Jesuit Jerome Nadal noted that a Jesuit’s cloister is the highway.  Our frequently mobile work on mission drives our prayer lives, and our prayer lives, oftentimes experienced while on the move, drive our work.  Sometimes action seems to trump contemplation.  The quiet of monastic cloister is always a welcome respite from the multiple interruptions of an active life whenever I am privileged to spend time there.  The Solemnity of the Body and Blood of Christ reminds us of the contemplative side of our lives. This is true not only for Jesuits; it is a reminder of the contemplative dimension in the lives of all believers.  This splendid feast pulls us into the contemplative for a good reason. It is a feast that does not recall a specific event.  

The Church's liturgical calendar is crammed with feasts that recall specific events in the history of salvation: the Nativity of Our Lord, the Resurrection, the Ascension, and the Annunciation among others.  These feasts recall specific moments in the history of the world.  We can close our eyes and, particularly through the Spiritual Exercises of St. Ignatius of Loyola, see the events unfold on an internal movie screen.  They are events with a narrative flow.  There is a story that can be told and retold.  There is action we can imagine. We can--and indeed Ignatian prayer demands that we--place ourselves in the action, that we participate in that history, and then allow that history to form us.   

On Corpus Christi, however, we have to sit back.  We must remain in silence.  There is no script.  There is no “story line.”  There is no historical event.  We, Jesuit and non-Jesuit, are forced to be less mentally active.  For a little while we are compelled to be more contemplative. Were one to ask what we contemplate on this great feast the answer is: the gift of Christ truly and substantially present in the Eucharist.  It is almost overwhelming to consider the Real Presence in the bread and wine consecrated on the altar, in the elements that we receive at Mass, and in the Eucharist that we adore in the tabernacle.

Christ’s real presence in the Eucharist is a stumbling block for some.  They can understand symbol.
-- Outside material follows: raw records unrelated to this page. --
Definition nbhd (n : nat) (adj : rel 'I_n) (u : 'I_n) : {set 'I_n} :=
  [set w | adj u w].

Definition laplacian (n : nat) (adj : rel 'I_n) : 'M[R]_n :=
  \matrix_(i, j) ((i == j)%:R * #|nbhd adj i|%:R - (adj i j)%:R).

Definition mx_cvg (m n : nat) (u : nat -> 'M[R[i]]_(m, n)) (l : 'M[R[i]]_(m, n)) : Prop :=
  forall e : R, 0 < e -> exists N : nat, forall k : nat, (N <= k)%N ->
    forall i j, `|u k i j - l i j| < e%:C.

Definition expmx (n : nat) (A : 'M[R[i]]_n) : 'M[R[i]]_n :=
  xget 0 (fun E => mx_cvg (fun N => \sum_(k < N) ((k`!)%:R)^-1 *: A ^+ k) E).

Definition evol (n : nat) (H : 'M[R]_n) (t : R) : 'M[R[i]]_n :=
  expmx ((- 'i%C * t%:C) *: map_mx (fun x : R => x%:C) H).

Definition pgst (n : nat) (H : 'M[R]_n) (p q : 'I_n) (tau : nat -> R) : Prop :=
  p != q /\
  exists gamma : R[i],
    mx_cvg (fun k => evol H (tau k) *m ebasis _ p) (gamma *: ebasis _ q).

Definition almost_periodic (n : nat) (H : 'M[R]_n) (p : 'I_n) (tau : nat -> R) : Prop :=
  (forall k, tau k != 0) /\
  exists gamma : R[i],
    mx_cvg (fun k => evol H (tau k) *m ebasis _ p) (gamma *: ebasis _ p).

End GraphQuantum.

(* Let u_a, u_b be twins, v = e_a - e_b, w = e_a + e_b and M = v v^T.  The twin
   condition gives L v = mu v with mu = deg a + [a ~ b], and makes the
   transposition (a b) a graph automorphism, hence a symmetry of U_L(t).  As v
   is an eigenvector of the symmetric matrix L, M commutes with L; since
   M e_p = 0 for p outside {a, b} and M w = 0, every power of -it(L + alpha M)
   agrees with the same power of -itL on e_p and on w, hence so do the
   exponentials: this is part (2).  On v the perturbation adds -2 i alpha t to
   the eigenvalue, so when 2 alpha t is an odd multiple of pi,
   U_{L^alpha}(t) v = - U_L(t) v, and with the action on w this gives
   U_{L^alpha}(t) e_a = U_L(t) e_b.  Part (1) follows, using the automorphism
   to move almost periodicity from u_a to u_b when p = a. *)
From HB Require Import structures.
From mathcomp Require Import all_boot all_order all_algebra.
From mathcomp Require Import complex.
From mathcomp Require Import all_classical all_reals trigo.
From mathcomp Require Import topology normedtype sequences.
From mathcomp Require Import perm ring zify.
Import Order.TTheory GRing.Theory Num.Theory numFieldNormedType.Exports Normc.
Local Open Scope complex_scope.
Local Open Scope ring_scope.

Set Implicit Arguments.
Unset Strict Implicit.
Unset Printing Implicit Defensive.

Section ComplexSequences.
Local Open Scope classical_set_scope.
Variable R : realType.
Implicit Types (z : R[i]) (s : nat -> R[i]).

Lemma normcE z : `|z| = (normc z)%:C.
Proof. by case: z => x y; rewrite normc_def. Qed.

Lemma normc_lt z (e : R) : (`|z| < e%:C) = (normc z < e).
Proof. by rewrite normcE ltcR. Qed.

Lemma normc_ge0 z : 0 <= normc z.
Proof. by case: z => x y; apply: sqrtr_ge0. Qed.

Lemma normc_real (x : R) : normc x%:C = `|x|.
Proof. by rewrite /= expr0n /= addr0 sqrtr_sqr. Qed.

Lemma normc_Re z : `|complex.Re z| <= normc z.
Proof. by rewrite -lecR -normcE normc_ge_Re. Qed.

Lemma normc_Im z : `|complex.Im z| <= normc z.
Proof.
case: z => x y; rewrite /= -(sqrtr_sqr y) ler_sqrt ?addr_ge0 ?sqr_ge0 //.
by rewrite lerDr sqr_ge0.
Qed.

Lemma normc_ReIm z : normc z <= `|complex.Re z| + `|complex.Im z|.
Proof.
have normC_real (x : R) : `|x%:C| = `|x|%:C by rewrite normcE normc_real.
rewrite -lecR -normcE rmorphD /= -!normC_real {1}[z]complexE.
by apply: le_trans (ler_normD _ _) _; rewrite normrM normCi mul1r.
Qed.

Lemma normc_sum (I : finType) (F : I -> R[i]) :
  normc (\sum_i F i) <= \sum_i normc (F i).
Proof.
rewrite -lecR -normcE rmorph_sum /=.
by apply: le_trans (ler_norm_sum _ _ _) _; apply: ler_sum => i _; rewrite normcE.
Qed.

Lemma normc_natV k : normc ((k%:R : R[i])^-1) = (k%:R)^-1.
Proof. by rewrite normcV -(rmorph_nat (real_complex R)) normc_real normr_nat. Qed.

Lemma Re_sum (I : Type) (r : seq I) (P : pred I) (F : I -> R[i]) :
  complex.Re (\sum_(i <- r | P i) F i) = \sum_(i <- r | P i) complex.Re (F i).
Proof. by apply: big_morph => // -[? ?] [? ?]. Qed.

Lemma Im_sum (I : Type) (r : seq I) (P : pred I) (F : I -> R[i]) :
  complex.Im (\sum_(i <- r | P i) F i) = \sum_(i <- r | P i) complex.Im (F i).
Proof. by apply: big_morph => // -[? ?] [? ?]. Qed.

Definition ccvg s (l : R[i]) := forall e : R, 0 < e ->
  exists N : nat, forall k, (N <= k)%N -> normc (s k - l) < e.

Lemma ccvg_near s l :
  ccvg s l <-> forall e : R, 0 < e -> \forall k \near \oo, normc (s k - l) < e.
Proof.
split=> h e /h; first by case=> N HN; exists N.
by case=> N _ HN; exists N.
Qed.

Lemma ccvg_unique s l1 l2 : ccvg s l1 -> ccvg s l2 -> l1 = l2.
Proof.
move=> h1 h2; apply/eqP; rewrite -subr_eq0; apply/eqP/eq0_normc/le_anti.
rewrite normc_ge0 andbT; apply/ler_addgt0Pr => e e0; rewrite add0r.
have e2 : 0 < e / 2 by rewrite divr_gt0.
have [N1 H1] := h1 _ e2; have [N2 H2] := h2 _ e2.
set x := s (maxn N1 N2).
have -> : l1 - l2 = (x - l2) - (x - l1) by rewrite opprB [RHS]addrC addrA subrK.
apply/ltW/(le_lt_trans (le_normcD _ _)).
by rewrite normcN [e]splitr ltrD ?H1 ?H2 ?leq_maxl ?leq_maxr.
Qed.

Lemma ccvg_cst l : ccvg (fun _ => l) l.
Proof. by move=> e e0; exists 0%N => k _; rewrite subrr normc0. Qed.

Lemma ccvgD s t l1 l2 : ccvg s l1 -> ccvg t l2 -> ccvg (fun k => s k + t k) (l1 + l2).
Proof.
move=> h1 h2 e e0.
have e2 : 0 < e / 2 by rewrite divr_gt0.
have [N1 H1] := h1 _ e2; have [N2 H2] := h2 _ e2.
exists (maxn N1 N2) => k; rewrite geq_max => /andP[k1 k2].
rewrite opprD addrACA; apply: le_lt_trans (le_normcD _ _) _.
by rewrite [e]splitr ltrD ?H1 ?H2.
Qed.

Lemma ccvgMr s l c : ccvg s l -> ccvg (fun k => s k * c) (l * c).
Proof.
move=> h e e0.
have c1 : 0 < normc c + 1 by rewrite ltr_wpDl ?normc_ge0.
have [N H] := h _ (divr_gt0 e0 c1); exists N => k /H.
rewrite ltr_pdivlMr // -mulrBl normcM; apply: le_lt_trans.
by rewrite ler_wpM2l ?normc_ge0 // lerDl ler01.
Qed.

Lemma ccvg_sum (I : finType) (s : I -> nat -> R[i]) (l : I -> R[i]) :
  (forall i, ccvg (s i) (l i)) -> ccvg (fun k => \sum_i s i k) (\sum_i l i).
Proof.
move=> h; elim: (index_enum I) => [|i r ih].
  by under eq_fun do rewrite big_nil; rewrite big_nil; apply: ccvg_cst.
by under eq_fun do rewrite big_cons; rewrite big_cons; apply: ccvgD.
Qed.

Lemma ccvg_ReIm s (x y : R) :
  (fun k => complex.Re (s k)) @ \oo --> x ->
  (fun k => complex.Im (s k)) @ \oo --> y -> ccvg s (x +i* y).
Proof.
move=> /cvgrPdist_lt h1 /cvgrPdist_lt h2; apply/ccvg_near => e e0.
have e2 : 0 < e / 2 by rewrite divr_gt0.
apply: filterS2 (h1 _ e2) (h2 _ e2) => k H1 H2.
apply: le_lt_trans (normc_ReIm _) _.
case: (s k) H1 H2 => u v /= H1 H2.
by rewrite -opprB normrN -[`|v - y|]normrN opprB [e]splitr ltrD.
Qed.

End ComplexSequences.

Section Euler.
Variable R : realType.

Definition expi (th : R) : R[i] := cos th +i* sin th.

Definition cexp_psum (z : R[i]) N := \sum_(k < N) ((k`!)%:R)^-1 * z ^+ k.

Lemma ReIm_iX k :
  complex.Re ('i ^+ k : R[i]) = (~~ odd k)%:R * (-1) ^+ k./2 /\
  complex.Im ('i ^+ k : R[i]) = (odd k)%:R * (-1) ^+ k.-1./2.
Proof.
elim: k => [|k [ihR ihI]]; first by rewrite expr0 /= mulr1 mul0r.
rewrite exprSr ReiNIm ImiRe ihR ihI; split=> //.
case: k ihR ihI => [|k] ihR ihI /=; first by rewrite !mul0r oppr0.
by rewrite !negbK exprS mulN1r mulrN.
Qed.

Lemma cexp_term (th : R) k : ((k`!)%:R : R[i])^-1 * ('i * th%:C) ^+ k =
  (((k`!)%:R)^-1 * th ^+ k)%:C * 'i ^+ k.
Proof.
rewrite exprMn -rmorphXn -(rmorph_nat (real_complex R)) -fmorphV rmorphM /=.
by rewrite -mulrA [_ * 'i ^+ k]mulrC.
Qed.

(* Euler's formula: the exponential series at i th sums to cos th + i sin th;
   the real and imaginary parts are the cosine and sine series. *)
Lemma cexp_psum_expi th : ccvg (cexp_psum ('i * th%:C)) (expi th).
Proof.
have Re_scal (r : R) (z : R[i]) : complex.Re (r%:C * z) = r * complex.Re z.
  by case: z => x y; rewrite /= !mul0r subr0.
have Im_scal (r : R) (z : R[i]) : complex.Im (r%:C * z) = r * complex.Im z.
  by case: z => x y; rewrite /= !mul0r addr0.
apply: ccvg_ReIm.
  have -> : (fun N => complex.Re (cexp_psum ('i * th%:C) N)) = series (cos_coeff th).
    apply/funext => N; rewrite /series /= big_mkord /cexp_psum Re_sum.
    apply: eq_bigr => k _; rewrite cexp_term Re_scal (ReIm_iX k).1 cos_coeffE /=.
    ring.
  rewrite cos.unlock; exact: is_cvg_series_cos_coeff.
have -> : (fun N => complex.Im (cexp_psum ('i * th%:C) N)) = series (sin_coeff th).
  apply/funext => N; rewrite /series /= big_mkord /cexp_psum Im_sum.
  apply: eq_bigr => k _; rewrite cexp_term Im_scal (ReIm_iX k).2 sin_coeffE /=.
  ring.
rewrite sin.unlock; exact: is_cvg_series_sin_coeff.
Qed.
They can understand simile. They can understand metaphor.  They can understand allusion.  They even have a grasp of onomatopoeia. But they can’t seem to understand the meaning of real.  It is a pity. 

We heard in the first reading how the blood of animals was used to ratify the covenant God forged with Moses.  Blood is the ultimate seal on a promise.  How many of us sealed some kind of childhood or adolescent pact with our own blood or chose to become blood brothers?  "This is the blood of the covenant that the Lord has made with you in accordance with all these words of his."  And the people responded, "All that the Lord has said we will heed and do." Of course we know things didn't quite work out that way.  Thus, as noted in the Letter to the Hebrews, Jesus "entered once for all into the sanctuary . . . with His own blood, thus obtaining eternal redemption." 

Commenting on today's gospel would be an absurd exercise in gilding the lily.  In just a few minutes you will hear the words of consecration: "This is my body . . . This is my blood . . ." Listen carefully.  

Today, we recall the great gift of the Body and Blood of Christ.  Real.  Substantial. And transubstantial.  With that in mind we can only sit back in stunned silence, overwhelmed with gratitude and say with the psalmist: 

"How shall I make a return to the Lord
for all the good he has done for me?
The cup of salvation I will take up,
and I will call upon the name of the Lord.

To you will I offer sacrifice of thanksgiving,
and I will call upon the name of the Lord."


Every year the Solemnity of the Body and Blood of Christ or Corpus Christi represents a personal milestone.  The solemnity was observed on Sunday 10 June in 2007.  I don't have to look it up.  It was the date of my first Mass following ordination the day before.  Ordination was at St. Ignatius Church in Boston while the Mass was at Campion Center in Weston.  

The photo is from Slovenia taken during a Eucharistic procession in sv. Jože at the Divine Mercy Mass on the second Sunday of Easter.  I participated in a Eucharistic procession once in D.C., carrying the monstrance the total a city block with three stops to bless the doors at the Visitation Monastery and school.  The monstrance was getting very heavy by the end.